Hilchenbach hat sich also die Fleckenrechte etwas kosten lassen. Sie wurden auf die 77 Feuerstätten mit je 80 Talern umgelegt. Unklar ist, der die Aufrundung von 40 Talern
bezahlt hat. Das Geld entsprach, wenn man den damals üblichen Zins annimmt, einer jährlichen Belastung von 310 Talern oder etwa 580 Gulden, so dass man heute
bezweifeln muss, ob das für Hilchenbach ein Geschäft war, selbst wenn Bede und Dienstgelder sowie lästige Dienste wegfielen und Bürger-, Markt- und Wegegeld
verrechnet wurden, zumal der Landesherrschaft die Hauptsteuer, die Schatzung, verblieb und es ihr frei stand, neue Abgaben unter neuem
Namen anzuordnen.
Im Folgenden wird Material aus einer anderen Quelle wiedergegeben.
Lemma kern_le_max u w : kern f g e u w <= Rmax (f (Nat.div2 e) 1) (g (Nat.div2 e) 1).
Proof.
  assert (H1 : in01 1) by (red; lra).
  unfold kern.
  destruct (Nat.even e); [eapply Rle_trans; [|apply Rmax_l] | eapply Rle_trans; [|apply Rmax_r]];
  rewrite <- (Rmult_1_l (_ 1)); apply Rmult_le_compat; try apply ind_01;
  try apply convex_factor_ge0; try apply convex_factor_le; auto; try apply clamp_01;
  pose proof (clamp_01 (w - u)); pose proof (clamp_01 (u - w)); unfold in01 in *; lra.
Qed.

Lemma kern_TP2 u' u w1 w2 : in01 u' -> in01 u -> in01 w1 -> in01 w2 -> u' <= u -> w1 <= w2 ->
  kern f g e u' w2 * kern f g e u w1 <= kern f g e u' w1 * kern f g e u w2.
Proof.
  intros [A1 A2] [B1 B2] [C1 C2] [D1 D2] Hu Hw.
  pose proof (kern_ge0 u' w1). pose proof (kern_ge0 u w2).
  unfold kern in *. destruct (Nat.even e); unfold Defs.ind in *.
  - destruct (Rle_dec u' w2), (Rle_dec u w1); try nra.
    destruct (Rle_dec u' w1), (Rle_dec u w2); try lra.
    rewrite !clamp_id by (red; lra).
    pose proof (convex_factor_mul_le _ Hf (w1 - u) (w1 - u') (w2 - u) (w2 - u')). nra.
  - destruct (Rle_dec w2 u'), (Rle_dec w1 u); try nra.
    destruct (Rle_dec w1 u'), (Rle_dec w2 u); try lra.
    rewrite !clamp_id by (red; lra).
    pose proof (convex_factor_mul_le _ Hg (u' - w2) (u' - w1) (u - w2) (u - w1)). nra.
Qed.

Lemma kern_antitone_even u' u y : Nat.even e = true -> in01 u' -> in01 u -> in01 y -> u' <= u ->
  kern f g e u y <= kern f g e u' y.
Proof.
  intros He [A1 A2] [B1 B2] [C1 C2] Hu. pose proof (kern_ge0 u' y).
  unfold kern in *. rewrite He in *. unfold Defs.ind in *.
  destruct (Rle_dec u y), (Rle_dec u' y); try lra.
  rewrite !Rmult_1_l, !clamp_id by (red; lra). apply convex_factor_le; auto; red; lra.
Qed.

Lemma kern_monotone_odd u' u x : Nat.even e = false -> in01 u' -> in01 u -> in01 x -> u' <= u ->
  kern f g e u' x <= kern f g e u x.
Proof.
  intros He [A1 A2] [B1 B2] [C1 C2] Hu. pose proof (kern_ge0 u x).
  unfold kern in *. rewrite He in *. unfold Defs.ind in *.
  destruct (Rle_dec x u'), (Rle_dec x u); try lra.
  rewrite !Rmult_1_l, !clamp_id by (red; lra). apply convex_factor_le; auto; red; lra.
Qed.

End Kernel.

(* If bt/a is nonincreasing and D changes sign at most once, from - to +,
   then the bounds of bt/a on the two sides of the crossing give a constant
   lam with bt D <= lam a D everywhere. *)
Lemma single_crossing_multiplier (bt a D : R -> R) :
  (forall u, in01 u -> 0 <= bt u <= a u) ->
  (forall u u', in01 u -> in01 u' -> u <= u' -> bt u' * a u <= bt u * a u') ->
  (forall u' u, in01 u' -> in01 u -> u' <= u -> 0 < D u' -> 0 <= D u) ->
  exists lam, forall u, in01 u -> bt u * D u <= lam * (a u * D u).
Proof.
  intros Hat Hmon SC.
  set (E := fun x => exists u, in01 u /\ 0 < a u /\ 0 < D u /\ x = bt u / a u).
  assert (Hratio : forall u, in01 u -> 0 < a u -> 0 <= bt u / a u <= 1).
  { intros u Hu Ha. destruct (Hat u Hu). split; [apply Rdiv_le_0_compat; lra|].
    apply Rmult_le_reg_r with (a u); auto. unfold Rdiv. rewrite Rmult_assoc, Rinv_l; lra. }
  assert (Ha0 : forall u, in01 u -> a u = 0 \/ 0 < a u)
    by (intros u Hu; destruct (Hat u Hu); lra).
  destruct (classic (exists x, E x)) as [Ex|NE].
  - assert (Hb : bound E) by (exists 1; intros x [u [Hu [Ha [_ ->]]]]; apply Hratio; auto).
    destruct (completeness E Hb Ex) as [m [Hub Hlub]].
    exists m. intros u Hu. destruct (Hat u Hu) as [A1 A2].
    destruct (Ha0 u Hu) as [Ha|Ha]; [replace (bt u) with 0 by lra; rewrite Ha; lra|].
    destruct (Rtotal_order (D u) 0) as [Dn|[D0|Dp]].
    + assert (Hm : m <= bt u / a u).
      { apply Hlub. intros x [u' [Hu' [Ha' [HD' ->]]]].
        assert (Hlt : u <= u') by (destruct (Rle_or_lt u u'); auto; pose proof (SC u' u Hu' Hu); lra).
        pose proof (Hmon u u' Hu Hu' Hlt).
        apply Rmult_le_reg_r with (a u' * a u); [nra|].
        replace (bt u' / a u' * (a u' * a u)) with (bt u' * a u) by (field; lra).
        replace (bt u / a u * (a u' * a u)) with (bt u * a u') by (field; lra). lra. }
      assert (m * a u <= bt u).
      { apply Rmult_le_reg_r with (/ a u); [apply Rinv_0_lt_compat; auto|].
        rewrite Rmult_assoc, Rinv_r by lra. lra. }
      nra.
    + rewrite D0. lra.
    + assert (Hm : bt u / a u <= m) by (apply Hub; exists u; auto).
      assert (bt u <= m * a u).
      { apply Rmult_le_reg_r with (/ a u); [apply Rinv_0_lt_compat; auto|].
        rewrite Rmult_assoc, Rinv_r by lra. unfold Rdiv in Hm. lra. }
      nra.
  - exists 0. intros u Hu. destruct (Hat u Hu) as [A1 A2]. rewrite Rmult_0_l.
    destruct (Rle_or_lt (D u) 0); [nra|].
    destruct (Ha0 u Hu) as [Ha|Ha]; [replace (bt u) with 0 by lra; lra|].
    exfalso. apply NE. exists (bt u / a u), u. auto.
Qed.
Der rein finanziellen Betrachtung stehen jedoch die ideellen Vorteile, die größere Selbstverwaltung, das erhöhte
Selbstwertgefühl und der damit verbundene erhöhte Unternehmungsgeist, auch eine stärkere Verpflichtung für die Förderung der Kultur
gegenüber. Die Erhebung zu Flecken, die Residenz des Fürsten und seiner Beamten hatte aber auch Schädliches: Eine gewisse
Überheblichkeit, die durch “Jung-Stillings Jugend” in die deutsche Literatur eingegangen ist, wurde den Fleckenbewohnern von den Nachbarn nachgesagt.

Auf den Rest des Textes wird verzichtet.